Define a custom authentication scheme

The authentication scheme inherits from the BaseAuthentication class and allows us to override the authenticate method that performs checks on the request object such as:

Verifying authorization header format in request i.e. Bearer <token>.
Verifying and decoding the JWT token provided in the authorization header.
Verifying that the credentials provided are tied to an existing User object assuming the User model contains the stellar account as a field.

In the sep10 app folder add the authentication scheme class below in the authentication.py file:

from django.contrib.auth import get_user_model
from rest_framework.request import Request
from rest_framework.authentication import BaseAuthentication
from rest_framework.exceptions import AuthenticationFailed as SEP10AuthenticationFailed
from sep10.token import SEP10Token

User = get_user_model()


class SEP10Authentication(BaseAuthentication):
    def authenticate(self, request: Request) -> tuple[User, SEP10Token]:
        """
        This function authenticates a user by verifying and decoding
        a JWT token from the authorization header of a request.
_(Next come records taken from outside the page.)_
(* Let $k\ge1$, let $\mathcal{H}$ be a separable infinite-dimensional complex Hilbert space with orthonormal basis $\{e_n\}_{n\ge0}$, and let $\alpha_0,\dots,\alpha_k\in\mathbb{C}$ with $\sum_{i=0}^k|\alpha_i|^2<1$. Let $T$ be the operator on $\mathcal{H}$ given by $Te_0=\alpha_0e_0+\alpha_1e_1+\cdots+\alpha_ke_k$ and $Te_n=e_{n+k}$ for $n\ge1$ (so $T$ is a completely non-unitary contraction with $\dim\mathcal{D}_T=1$, $\mathcal{D}_T\subseteq\mathcal{D}_{T^*}$, $\dim\mathcal{D}_{T^*}<\infty$). Then $T$ is analytic if and only if either $\alpha_0=0$ or $\alpha_j\neq0$ for some $1\le j\le k$.
   Context: For a contraction $T$ on $\mathcal{H}$, $\mathcal{D}_T=\overline{(I-T^*T)^{1/2}\mathcal{H}}$ and $\mathcal{D}_{T^*}=\overline{(I-TT^* )^{1/2}\mathcal{H}}$. A contraction is completely non-unitary if it has no nonzero reducing subspace on which it is unitary. $T$ is analytic if $\bigcap_{m\ge1}T^m\mathcal{H}=\{0\}$. *)

From Stdlib Require Import Reals Arith.
From Coquelicot Require Import Coquelicot.
Open Scope R_scope.

(* The model Hilbert space: l^2(N, C), with orthonormal basis e_n = delta_n.
   Every separable infinite-dimensional complex Hilbert space with an
   orthonormal basis (e_n) is unitarily identified with l^2 via e_n |-> delta_n. *)
Definition l2 (x : nat -> C) : Prop := ex_series (fun n => (Cmod (x n)) ^ 2).

(* The operator T with T e_0 = alpha_0 e_0 + ... + alpha_k e_k and
   T e_n = e_{n+k} for n >= 1, extended by linearity and continuity:
   for x = sum_n x_n e_n,  (T x)_j = alpha_j x_0  for j <= k,
                           (T x)_j = x_{j-k}      for j > k. *)
Definition Top (k : nat) (alpha : nat -> C) (x : nat -> C) : nat -> C :=
  fun j => if Nat.leb j k then Cmult (alpha j) (x 0%nat) else x (j - k)%nat.

Definition in_range_pow (T : (nat -> C) -> (nat -> C)) (m : nat) (x : nat -> C) : Prop :=
  exists y, l2 y /\ Nat.iter m T y = x.

Definition analytic (T : (nat -> C) -> (nat -> C)) : Prop :=
  forall x : nat -> C, l2 x ->
    (forall m : nat, (1 <= m)%nat -> in_range_pow T m x) ->
    forall n, x n = 0%C.

From Stdlib Require Import Reals Arith Lia Lra Classical FunctionalExtensionality.
From Coquelicot Require Import Coquelicot.
Open Scope R_scope.

(* T sends e_0 to alpha_0 e_0 + ... + alpha_k e_k and shifts every other e_n
   by k, so (T^m y)_0 = alpha_0^m y_0 and (T^(q+1) y)_(r+qk) = alpha_r y_0 for
   1 <= r <= k.  If alpha_0 <> 0 = alpha_1 = ... = alpha_k, T maps the line
   through e_0 onto itself, so e_0 lies in every T^m H.  Conversely, let x lie
   in every T^m H.  Comparing the two formulas for the same y gives
   |alpha_j x_0| = |alpha_0|^(q+1) |x_(j+qk)| <= |x_(j+qk)|, which tends to 0;
   so x_0 = 0 once some alpha_j <> 0 (and trivially when alpha_0 = 0).  Writing
   x = T^(q+1) (Ty), both 0 = x_0 = alpha_0^(q+1) (Ty)_0 and (Ty)_0 = alpha_0 y_0
   hold, so (Ty)_0 = 0 and x_(r+qk) = alpha_r (Ty)_0 vanishes as well. *)

Lemma div_offset_decomp (k n : nat) : (1 <= k)%nat -> (1 <= n)%nat ->
  exists q r, (1 <= r <= k)%nat /\ n = (r + q * k)%nat.
Proof.
  intros Hk Hn. exists ((n - 1) / k)%nat, ((n - 1) mod k + 1)%nat.
  assert (Hmod := Nat.mod_upper_bound (n - 1) k ltac:(lia)).
  assert (Hdiv := Nat.div_mod_eq (n - 1) k).
  split; nia.
Qed.

Lemma sum_f_R0_ge_0th (f : nat -> R) (N : nat) :
  (forall n, 0 <= f n) -> f 0%nat <= sum_f_R0 f N.
Proof.
  intros Hf. destruct N as [|N]; [simpl; lra|].
  rewrite decomp_sum by lia. simpl Nat.pred.
  assert (0 <= sum_f_R0 (fun i => f (S i)) N) by (apply cond_pos_sum; auto).
  lra.
Qed.

Lemma ex_series_0 : ex_series (fun _ : nat => 0).
Proof.
  exists 0. apply filterlim_ext with (fun _ => 0).
  - intros n. rewrite sum_n_const. ring.
  - apply filterlim_const.
Qed.

Lemma l2_coord_vanishing (x : nat -> C) : l2 x ->
  forall eps, 0 < eps -> exists N, forall n, (N <= n)%nat -> Cmod (x n) < eps.
Proof.
  intros Hx eps Heps.
  assert (Hlim := ex_series_lim_0 _ Hx). apply is_lim_seq_spec in Hlim.
  destruct (Hlim (mkposreal (eps * eps) ltac:(nra))) as [N HN].
  exists N. intros n Hn. specialize (HN n Hn); simpl in HN.
  rewrite Rminus_0_r, Rabs_pos_eq in HN by apply pow2_ge_0.
  assert (0 <= Cmod (x n)) by apply Cmod_ge_0. nra.
Qed.

Definition e0 (c : C) : nat -> C := fun n => match n with O => c | S _ => 0%C end.

Lemma l2_e0 (c : C) : l2 (e0 c).
Proof.
  apply ex_series_incr_1, (ex_series_ext (fun _ => 0)); [|exact ex_series_0].
  intros n. simpl. rewrite Cmod_0. ring.
Qed.

Lemma in_range_pow_of_onto (T : (nat -> C) -> nat -> C) (P : (nat -> C) -> Prop) :
  (forall x, P x -> l2 x) -> (forall x, P x -> exists y, P y /\ T y = x) ->
  forall m x, P x -> in_range_pow T m x.
Proof.
  intros Hl2 Honto m. induction m as [|m IH]; intros x Hx.
  - exists x. split; auto.
  - destruct (Honto x Hx) as [y [Hy <-]].
    destruct (IH y Hy) as [z [Hz <-]].
    exists z. split; auto.
Qed.

Section Top_coordinates.

Variables (k : nat) (alpha : nat -> C).
Notation T := (Top k alpha).

Lemma Top_0 (z : nat -> C) : T z 0%nat = (alpha 0%nat * z 0%nat)%C.
Proof. reflexivity. Qed.

Lemma Top_low (z : nat -> C) (j : nat) : (1 <= j <= k)%nat ->
  T z j = (alpha j * z 0%nat)%C.
Proof.
  intros Hj. unfold Top. replace (Nat.leb j k) with true; auto.
  symmetry; apply Nat.leb_le; lia.
Qed.

Lemma Top_shift (z : nat -> C) (n : nat) : (1 <= n)%nat -> T z (n + k)%nat = z n.
Proof.
  intros Hn. unfold Top. replace (Nat.leb (n + k) k) with false.
  - f_equal; lia.
  - symmetry; apply Nat.leb_gt; lia.
Qed.

Lemma iter_Top_0 (m : nat) (z : nat -> C) :
  Nat.iter m T z 0%nat = (alpha 0%nat ^ m * z 0%nat)%C.
Proof.
  induction m as [|m IH]; simpl.
  - ring.
  - rewrite Top_0, IH. ring.
Qed.

Lemma iter_Top_shift (p : nat) (z : nat -> C) (n : nat) : (1 <= n)%nat ->
  Nat.iter p T z (n + p * k)%nat = z n.
Proof.
  intros Hn. induction p as [|p IH]; simpl.
  - f_equal; lia.
  - replace (n + (k + p * k))%nat with (n + p * k + k)%nat by lia.
    rewrite Top_shift by lia. exact IH.
Qed.

Lemma iter_Top_low (q : nat) (z : nat -> C) (r : nat) : (1 <= r <= k)%nat ->
  Nat.iter (S q) T z (r + q * k)%nat = (alpha r * z 0%nat)%C.
Proof.
  intros Hr. rewrite <- Nat.add_1_r, Nat.iter_add, iter_Top_shift by lia.
  apply Top_low; auto.
Qed.

Lemma Top_e0 (c : C) : (forall j, (1 <= j <= k)%nat -> alpha j = 0%C) ->
  T (e0 c) = e0 (alpha 0%nat * c).
Proof.
  intros Hzero. apply functional_extensionality. intros [|j]; [reflexivity|].
  destruct (le_lt_dec (S j) k).
  - rewrite Top_low, Hzero by lia. simpl. ring.
  - replace (S j) with (S (j - k) + k)%nat by lia.
    rewrite Top_shift by lia. reflexivity.
Qed.

Lemma Top_not_analytic : alpha 0%nat <> 0%C ->
  (forall j, (1 <= j <= k)%nat -> alpha j = 0%C) -> ~ analytic T.
Proof.
  intros Ha0 Hzero Han.
  assert (Hline : forall m x, (exists c, x = e0 c) -> in_range_pow T m x).
  { apply in_range_pow_of_onto.
    - intros x [c ->]. apply l2_e0.
    - intros x [c ->]. exists (e0 (c / alpha 0%nat)). split; eauto.
      rewrite Top_e0 by exact Hzero. f_equal. field. exact Ha0. }
  apply C1_nz. change (e0 1%C 0%nat = 0%C). apply (Han (e0 1%C) (l2_e0 _)).
  intros m _. apply Hline. exists 1%C. reflexivity.
Qed.

Section Range_intersection.

Variable x : nat -> C.
Hypothesis x_in_ranges : forall m, (1 <= m)%nat -> in_range_pow T m x.

Lemma in_ranges_coord_bound (j q : nat) : (1 <= j <= k)%nat ->
  Cmod (alpha 0%nat) <= 1 -> Cmod (alpha j * x 0%nat) <= Cmod (x (j + q * k)%nat).
Proof.
  intros Hj Ha0.
  destruct (x_in_ranges (S q) ltac:(lia)) as [y [_ Hy]].
  assert (Hcomp : (alpha j * x 0%nat = alpha 0%nat ^ S q * x (j + q * k)%nat)%C).
  { rewrite <- Hy, iter_Top_0, iter_Top_low by exact Hj. ring. }
  rewrite Hcomp, Cmod_mult, Cmod_pow.
  assert (Cmod (alpha 0%nat) ^ S q <= 1)
    by (rewrite <- (pow1 (S q)); apply pow_incr; split; [apply Cmod_ge_0|exact Ha0]).
  assert (0 <= Cmod (x (j + q * k)%nat)) by apply Cmod_ge_0.
  nra.
Qed.

Lemma in_ranges_coord0 : l2 x -> Cmod (alpha 0%nat) <= 1 ->
  (alpha 0%nat = 0%C \/ exists j, (1 <= j <= k)%nat /\ alpha j <> 0%C) ->
  x 0%nat = 0%C.
Proof.
  intros Hx Ha0 [Hzero | [j [Hj Haj]]].
  - destruct (x_in_ranges 1 (le_n _)) as [y [_ <-]].
    simpl. rewrite Top_0, Hzero. ring.
  - apply NNPP. intros Hx0.
    assert (Hpos : 0 < Cmod (alpha j * x 0%nat))
      by (apply Cmod_gt_0, Cmult_neq_0; assumption).
    destruct (l2_coord_vanishing x Hx _ Hpos) as [N HN].
    assert (Hsmall := HN (j + N * k)%nat ltac:(nia)).
    assert (Hbig := in_ranges_coord_bound j N Hj Ha0).
    lra.
Qed.

Lemma in_ranges_eq0 : (1 <= k)%nat -> x 0%nat = 0%C -> forall n, x n = 0%C.
Proof.
  intros Hk Hx0 [|n]; [exact Hx0|].
  destruct (div_offset_decomp k (S n) Hk ltac:(lia)) as [q [r [Hr ->]]].
  destruct (x_in_ranges (S (S q)) ltac:(lia)) as [y [_ Hy]].
  assert (Hsplit : x = Nat.iter (S q) T (T y))
    by (rewrite <- Hy, <- Nat.iter_succ_r; reflexivity).
  assert (HTy0 : T y 0%nat = 0%C).
  { destruct (classic (alpha 0%nat = 0%C)) as [Ha0 | Ha0].
    - rewrite Top_0, Ha0. ring.
    - apply NNPP. intros HTy0. apply (Cmult_neq_0 _ _ (Cpow_nz _ (S q) Ha0) HTy0).
      rewrite <- iter_Top_0, <- Hsplit. exact Hx0. }
  rewrite Hsplit, iter_Top_low, HTy0 by exact Hr. ring.
Qed.

End Range_intersection.

End Top_coordinates.

Theorem corollary4p6 (k : nat) (alpha : nat -> C) :
  (1 <= k)%nat ->
  sum_f_R0 (fun i => (Cmod (alpha i)) ^ 2) k < 1 ->
  (analytic (Top k alpha) <->
   (alpha 0%nat = 0%C \/ exists j : nat, (1 <= j <= k)%nat /\ alpha j <> 0%C)).
Proof.
  intros Hk Hsum. split.
  - intros Han. apply NNPP. intros Hnot.
    apply (Top_not_analytic k alpha); [tauto | | exact Han].
    intros j Hj. apply NNPP. intros Haj. apply Hnot. right. eauto.
  - intros Hcase x Hx Hranges.
    assert (Ha0 : Cmod (alpha 0%nat) <= 1).
    { assert (Cmod (alpha 0%nat) ^ 2 <= sum_f_R0 (fun i => Cmod (alpha i) ^ 2) k)
        by (apply (sum_f_R0_ge_0th (fun i => Cmod (alpha i) ^ 2)); intros; apply pow2_ge_0).
      assert (0 <= Cmod (alpha 0%nat)) by apply Cmod_ge_0.
      nra. }
    apply (in_ranges_eq0 k alpha x Hranges Hk).
    exact (in_ranges_coord0 k alpha x Hranges Hx Ha0 Hcase).
Qed.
        :param request: The HTTP request object that contains information
                        about the incoming request, such as headers, query
                        parameters, and request body
        :return: a tuple containing the authenticated User object and
                 the SEP10 token object.
        """
        auth_header = request.headers.get("Authorization")

        if not auth_header:
            return None

        if not auth_header.startswith("Bearer "):
            raise SEP10AuthenticationFailed("Invalid auth header format.")

        jwt = auth_header.split(" ", 1)[1]

        token = SEP10Token(jwt)

        try:
            user = User.objects.get(stellar_account=token.stellar_account)
        except User.DoesNotExist:
            raise SEP10AuthenticationFailed(
                "No active account found with the given credentials."
            )

        return (user, token)

The custom authentication scheme can be set globally on the default authentication classes setting:

REST_FRAMEWORK = {
    "DEFAULT_AUTHENTICATION_CLASSES": ["sep10.authentication.SEP10Authentication",]
}

Or on a per-view or per-viewset basis, using the APIView class-based views:

from sep10.authentication import SEP10Authentication
from rest_framework.permissions import IsAuthenticated
from rest_framework.response import Response
from rest_framework.views import APIView

class ExampleView(APIView):
    authentication_classes = [SEP10Authentication]
    permission_classes = [IsAuthenticated]

    def get(self, request, format=None):
        content = {}
        return Response(content)

Or, if you're using the @api_view decorator with function-based views:

@api_view(['GET'])
@authentication_classes([SEP10Authentication])
@permission_classes([IsAuthenticated])
def example_view(request, format=None):
    content = {}
    return Response(content)

Define helper functions

These helper functions wrap the functionality of the SEP10 Authentication into tangible views or viewsets using the following operations: build_challenge_transaction, read_challenge_transaction and verify_challenge_transaction_threshold which can be found in detail in the stellar-sdk.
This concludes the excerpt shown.